= Joseph ben Mordechai Gershon =

Polish rabbi (1510–1591)

Joseph ben Mordechai Gershon HaKohen Ka"tz (1510 in Kraków – 1591) was a kohen, a rabbi and Talmudist, who began his studies in the Talmud at an early age, and became the dean (rosh yeshivah) at a yeshiva founded for him by his father-in-law. His views on religious questions were widely sought, while Solomon Luria was one of his correspondents.

Joseph was the author of "She'erit Yosef" (Kraków, 1590), containing responsa and discussions on various rabbinical subjects, as well as a commentary on the "Mordechai" tractates Nezikin, Berakot, and Mo'ed. In the preface the author states that he published this work at the request of his sons, Tanhuma and Aaron Moses, who were members of the Jewish community of Kraków. He also corrected the manuscript from which was printed the "Aggudah" of Alexandri HaKohain of Frankfurt.
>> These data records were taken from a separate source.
(* In the multi-access coded caching scheme obtained from a cross resolvable design with a chosen $z\in\{2,\dots,r\}$ for which $\mu_z$ exists (described in the context), the number of users benefited in each transmission (the coding gain) is $g=2^z$.
   Context: A resolvable design $(X,\mathcal{A})$: $X$ a finite set of $v$ points, $\mathcal{A}$ a collection of $b$ blocks each of size $k$, partitioned into $r$ parallel classes, each being a set of $b_r=v/k$ pairwise disjoint blocks with union $X$. $\mu_z$ exists if $|B_1\cap\cdots\cap B_z|$ equals the same nonzero value $\mu_z$ for every choice of blocks from $z$ distinct parallel classes. Users: one user $U_H$ for each set $H$ of $z$ blocks from $z$ distinct parallel classes, connected to the caches of those blocks (one cache per block). Placement: each file $W_i$ is split into subfiles $W_{i,x}$, $x\in X$; the cache of block $A_j$ stores $W_{i,x}$ for $x\in A_j$ and all $i$. Delivery (distinct demands $d_m$): for each choice of $z$ parallel classes $\mathcal{P}_1,\dots,\mathcal{P}_z$ and each choice of a pair of distinct blocks $\{C_{s,i_s},C_{s,j_s}\}\subseteq\mathcal{P}_s$ for every $s\in[z]$, let $\mathcal{X}$ be the $2^z$ users whose caches consist of one block from each chosen pair; for $m\in\mathcal{X}$ connected to $C_{1,a_1},\dots,C_{z,a_z}$, with $e_s$ the other index of $\{i_s,j_s\}$, put $f_m=C_{1,e_1}\cap\cdots\cap C_{z,e_z}=\{y_{m,1},\dots,y_{m,\mu_z}\}$, and transmit $\bigoplus_{m\in\mathcal{X}}W_{d_m,y_{m,s}}$ for each $s\in[\mu_z]$. A user is benefited by a transmission if it obtains a subfile of its demanded file from it. *)

From mathcomp Require Import all_boot.
Set Implicit Arguments. Unset Strict Implicit. Unset Printing Implicit Defensive.

(* A resolvable design on the finite point set X: r parallel classes, each
   consisting of br (= v/k) blocks indexed by 'I_br; block (i, j) is B i j. *)
Definition resolvable (X : finType) (r br k : nat) (B : 'I_r -> 'I_br -> {set X}) :=
  [/\ (forall i j, #|B i j| = k),
      (forall i j j', j != j' -> [disjoint B i j & B i j']) &
      (forall i, \bigcup_(j < br) B i j = [set: X])].

Definition mu_exists (X : finType) (r br : nat) (B : 'I_r -> 'I_br -> {set X})
    (z mu : nat) :=
  0 < mu /\
  forall (S : {set 'I_r}) (a : 'I_r -> 'I_br),
    #|S| = z -> #|\bigcap_(s in S) B s (a s)| = mu.

(* A user U_H is identified with H: a set of z blocks (given by their indices
   (class, block)) from z distinct parallel classes. *)
Definition is_user (r br z : nat) (H : {set 'I_r * 'I_br}) : bool :=
  (#|H| == z) && [forall p in H, forall q in H, (p.1 == q.1) ==> (p == q)].

(* The points whose subfiles are available to user H (union of its caches). *)
Definition cache (X : finType) (r br : nat) (B : 'I_r -> 'I_br -> {set X})
    (H : {set 'I_r * 'I_br}) : {set X} :=
  \bigcup_(p in H) B p.1 p.2.

(* The 2^z users involved in the transmissions for classes S and pairs
   {pi s, pj s} of blocks of class s: one block from each chosen pair. *)
Definition tx_users (r br : nat) (S : {set 'I_r}) (pi pj : 'I_r -> 'I_br)
    : {set {set 'I_r * 'I_br}} :=
  [set [set (s, a s) | s in S] | a : {ffun 'I_r -> 'I_br} &
     [forall s in S, (a s == pi s) || (a s == pj s)]].

(* e_s : the index of the pair {pi s, pj s} not used by user H in class s. *)
Definition other (r br : nat) (pi pj : 'I_r -> 'I_br) (H : {set 'I_r * 'I_br})
    (s : 'I_r) : 'I_br :=
  if (s, pi s) \in H then pj s else pi s.

Definition fset_m (X : finType) (r br : nat) (B : 'I_r -> 'I_br -> {set X})
    (S : {set 'I_r}) (pi pj : 'I_r -> 'I_br) (H : {set 'I_r * 'I_br}) : {set X} :=
  \bigcap_(s in S) B s (other pi pj H s).

(* A transmission is XOR_{m in Xu} W_{d m, pt m}.  User U is benefited if it
   obtains from it a subfile of its demanded file that it does not have:
   some summand is a subfile of its demanded file not in its cache, and all
   the other summands are subfiles it has cached. *)
Definition benefited (X : finType) (r br : nat) (B : 'I_r -> 'I_br -> {set X})
    (d : {set 'I_r * 'I_br} -> nat) (Xu : {set {set 'I_r * 'I_br}})
    (pt : {set 'I_r * 'I_br} -> X) (U : {set 'I_r * 'I_br}) : bool :=
  [exists m in Xu,
     [&& d m == d U, pt m \notin cache B U &
         [forall m' in Xu, (m' != m) ==> (pt m' \in cache B U)]]].

(* The 2^z users of a transmission are indexed by the subsets T of the chosen
   classes S: in class s the user indexed by T caches block pi s if s is in T
   and pj s otherwise, so the blocks e_s defining its f_m are those of the
   user indexed by the complement of T.  Hence f_m misses the cache of m
   (distinct blocks of a class are disjoint), while for any other user m' of
   the transmission some class s has e_s(m') equal to the block of m, so the
   summand of m' lies in the cache of m: every user of the transmission is
   benefited.  Conversely a benefited user demands the file of some user of
   the transmission, and demands are distinct, so no other user benefits. *)
From mathcomp Require Import all_boot.
Set Implicit Arguments. Unset Strict Implicit. Unset Printing Implicit Defensive.

Section PairUsers.

Variables (r br : nat) (S : {set 'I_r}) (pi pj : 'I_r -> 'I_br).
Hypothesis pi_neq_pj : forall s, s \in S -> pi s != pj s.

Definition pick_block (T : {set 'I_r}) (s : 'I_r) : 'I_br :=
  if s \in T then pi s else pj s.

Definition pair_user (T : {set 'I_r}) : {set 'I_r * 'I_br} :=
  [set (s, pick_block T s) | s in S].

Lemma mem_pair_user T s b :
  ((s, b) \in pair_user T) = (s \in S) && (b == pick_block T s).
Proof.
apply/imsetP/andP => [[s' s'S [-> ->]] // | [sS /eqP ->]].
by exists s.
Qed.

Lemma is_user_pair_user T : is_user #|S| (pair_user T).
Proof.
rewrite /is_user card_imset ?eqxx /=; last by move=> s s' [].
apply/forall_inP => _ /imsetP [s _ ->]; apply/forall_inP => _ /imsetP [s' _ ->].
by apply/implyP => /eqP /= ->.
Qed.

Lemma pick_blockC_neq T s : s \in S -> pick_block (~: T) s != pick_block T s.
Proof.
move=> sS; rewrite /pick_block inE.
by case: (s \in T); [rewrite eq_sym|]; apply: pi_neq_pj.
Qed.

Lemma other_pair_user T s :
  s \in S -> other pi pj (pair_user T) s = pick_block (~: T) s.
Proof.
move=> sS; rewrite /other mem_pair_user sS /= /pick_block inE.
by case: (s \in T); rewrite /= ?eqxx // (negbTE (pi_neq_pj sS)).
Qed.

Lemma pick_blockC_eq (T T' : {set 'I_r}) s :
  (s \in T) != (s \in T') -> pick_block (~: T') s = pick_block T s.
Proof. by rewrite /pick_block inE; case: (s \in T); case: (s \in T'). Qed.

Lemma separating_class (T T' : {set 'I_r}) :
  T \subset S -> T' \subset S -> T != T' ->
  exists2 s, s \in S & (s \in T) != (s \in T').
Proof.
move=> TS T'S neqTT'; apply/exists_inP; apply: contraR neqTT' => /exists_inPn noS.
apply/eqP/setP => s; case sS: (s \in S).
  by apply/eqP; rewrite -[_ == _]negbK noS.
by rewrite (contraFF (subsetP TS s) sS) (contraFF (subsetP T'S s) sS).
Qed.

Lemma pair_user_inj : {in powerset S &, injective pair_user}.
Proof.
move=> T T'; rewrite !inE => TS T'S eqTT'; case: (eqVneq T T') => // neqTT'.
have [s sS sTT'] := separating_class TS T'S neqTT'.
have : (s, pick_block T s) \in pair_user T' by rewrite -eqTT' mem_pair_user sS eqxx.
rewrite mem_pair_user sS -(pick_blockC_eq sTT').
by rewrite (negbTE (pick_blockC_neq T' sS)).
Qed.

Lemma tx_usersE : tx_users S pi pj = pair_user @: powerset S.
Proof.
apply/setP => H; apply/imsetP/imsetP => [[a] | [T _ ->]].
  rewrite inE => /forall_inP a_pair ->.
  exists [set s in S | a s == pi s].
    by rewrite inE; apply/subsetP => s; rewrite inE => /andP [].
  apply: eq_in_imset => s sS; rewrite /pick_block inE sS /=.
  by case/orP: (a_pair s sS) => /eqP ->; rewrite ?eqxx //; case: eqP => [->|].
exists [ffun s => pick_block T s]; last by apply: eq_imset => s; rewrite ffunE.
rewrite inE; apply/forall_inP => s _; rewrite ffunE /pick_block.
by case: (s \in T); rewrite eqxx ?orbT.
Qed.

Lemma is_user_tx_users : {in tx_users S pi pj, forall m, is_user #|S| m}.
Proof. by move=> m; rewrite tx_usersE => /imsetP [T _ ->]; apply: is_user_pair_user. Qed.

Lemma card_tx_users : #|tx_users S pi pj| = 2 ^ #|S|.
Proof. by rewrite tx_usersE card_in_imset ?card_powerset //; apply: pair_user_inj. Qed.

Variables (X : finType) (B : 'I_r -> 'I_br -> {set X}).
Hypothesis disjoint_class : forall s b b', b != b' -> [disjoint B s b & B s b'].

Lemma disjoint_fset_m_cache T :
  [disjoint fset_m B S pi pj (pair_user T) & cache B (pair_user T)].
Proof.
apply/pred0P => x /=; apply/negbTE/andP => [[/bigcapP xf /bigcupP [[s b]]]].
rewrite mem_pair_user => /andP [sS /eqP ->] /=; apply/negP.
have := xf s sS; rewrite other_pair_user // => xBC.
by rewrite (disjointFr (disjoint_class s (pick_blockC_neq T sS)) xBC).
Qed.

Lemma fset_m_sub_cache (T T' : {set 'I_r}) :
  T \subset S -> T' \subset S -> T != T' ->
  fset_m B S pi pj (pair_user T') \subset cache B (pair_user T).
Proof.
move=> TS T'S neqTT'; have [s sS sTT'] := separating_class TS T'S neqTT'.
apply/subsetP => x /bigcapP /(_ s sS); rewrite other_pair_user // => xB.
apply/bigcupP; exists (s, pick_block T s); first by rewrite mem_pair_user sS eqxx.
by rewrite -(pick_blockC_eq sTT').
Qed.

Variables (d : {set 'I_r * 'I_br} -> nat) (pt : {set 'I_r * 'I_br} -> X).
Hypothesis pt_fset_m :
  forall m, m \in tx_users S pi pj -> pt m \in fset_m B S pi pj m.

Lemma benefited_tx_users U :
  U \in tx_users S pi pj -> benefited B d (tx_users S pi pj) pt U.
Proof.
have pt_pair (T : {set 'I_r}) :
    T \subset S -> pt (pair_user T) \in fset_m B S pi pj (pair_user T).
  by move=> TS; apply: pt_fset_m; rewrite tx_usersE imset_f ?inE.
rewrite {1}tx_usersE => /imsetP [T]; rewrite inE => TS ->.
apply/exists_inP; exists (pair_user T); first by rewrite tx_usersE imset_f ?inE.
rewrite eqxx (disjointFr (disjoint_fset_m_cache T) (pt_pair T TS)) /=.
apply/forall_inP => m'; rewrite tx_usersE => /imsetP [T']; rewrite inE => T'S ->.
apply/implyP => neq; have neqTT' : T != T' by apply: contraNneq neq => ->.
exact: subsetP (fset_m_sub_cache TS T'S neqTT') _ (pt_pair T' T'S).
Qed.

End PairUsers.

Lemma benefited_demand_unique (X : finType) (r br z : nat)
    (B : 'I_r -> 'I_br -> {set X}) (d : {set 'I_r * 'I_br} -> nat)
    (Xu : {set {set 'I_r * 'I_br}}) (pt : {set 'I_r * 'I_br} -> X) U :
  (forall H H', is_user z H -> is_user z H' -> d H = d H' -> H = H') ->
  {in Xu, forall m, is_user z m} ->
  is_user z U -> benefited B d Xu pt U -> U \in Xu.
Proof.
move=> d_inj Xu_users userU /exists_inP [m mXu /and3P [/eqP dmU _ _]].
by rewrite -(d_inj _ _ (Xu_users m mXu) userU dmU).
Qed.

Theorem lemma4 (X : finType) (r br k z mu : nat) (B : 'I_r -> 'I_br -> {set X})
    (d : {set 'I_r * 'I_br} -> nat) :
  resolvable k B ->
  2 <= z <= r ->
  mu_exists B z mu ->
  (forall H H', is_user z H -> is_user z H' -> d H = d H' -> H = H') ->
  forall (S : {set 'I_r}) (pi pj : 'I_r -> 'I_br),
    #|S| = z ->
    (forall s, s \in S -> pi s != pj s) ->
  forall y : {set 'I_r * 'I_br} -> 'I_mu -> X,
    (forall m, m \in tx_users S pi pj ->
       injective (y m) /\ (forall t, y m t \in fset_m B S pi pj m)) ->
  forall t : 'I_mu,
    #|[set U | is_user z U &
         benefited B d (tx_users S pi pj) (fun m => y m t) U]| = 2 ^ z.
Proof.
move=> [_ disjoint_class _] _ _ d_inj S pi pj cardS pi_neq_pj y y_fset_m t.
have users_tx : {in tx_users S pi pj, forall m, is_user z m}.
  by rewrite -cardS; apply: is_user_tx_users.
have pt_fset_m m : m \in tx_users S pi pj -> y m t \in fset_m B S pi pj m.
  by move=> mXu; apply: (y_fset_m m mXu).2.
suff -> : [set U | is_user z U & benefited B d (tx_users S pi pj) (fun m => y m t) U]
          = tx_users S pi pj by rewrite card_tx_users // cardS.
apply/setP => U; rewrite inE.
apply/andP/idP => [[userU benU] | UXu].
  exact: benefited_demand_unique d_inj users_tx userU benU.
by split; [apply: users_tx | apply: benefited_tx_users].
Qed.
Joseph is an ancestor of Miriam Wulff, wife of Daniel Itzig (1723-1799), Court Jew of Frederick the Great.

==Jewish Encyclopedia bibliography==
- She'rith Yosef
- I. M. Zunz, 'Ir ha-zedek, p. 23, Lemberg, 1874;
- Rabinowitz, Ha'arot we-Tikunim, p. 6, Lyck, 1875;
- Dembitzer, Kelilat Yoft, p. 4b, Kraków, 1888;
- B. Friedberg, Gesch. der Hebräischen Typographie in Krakau, p. 8, ib. 1900.S.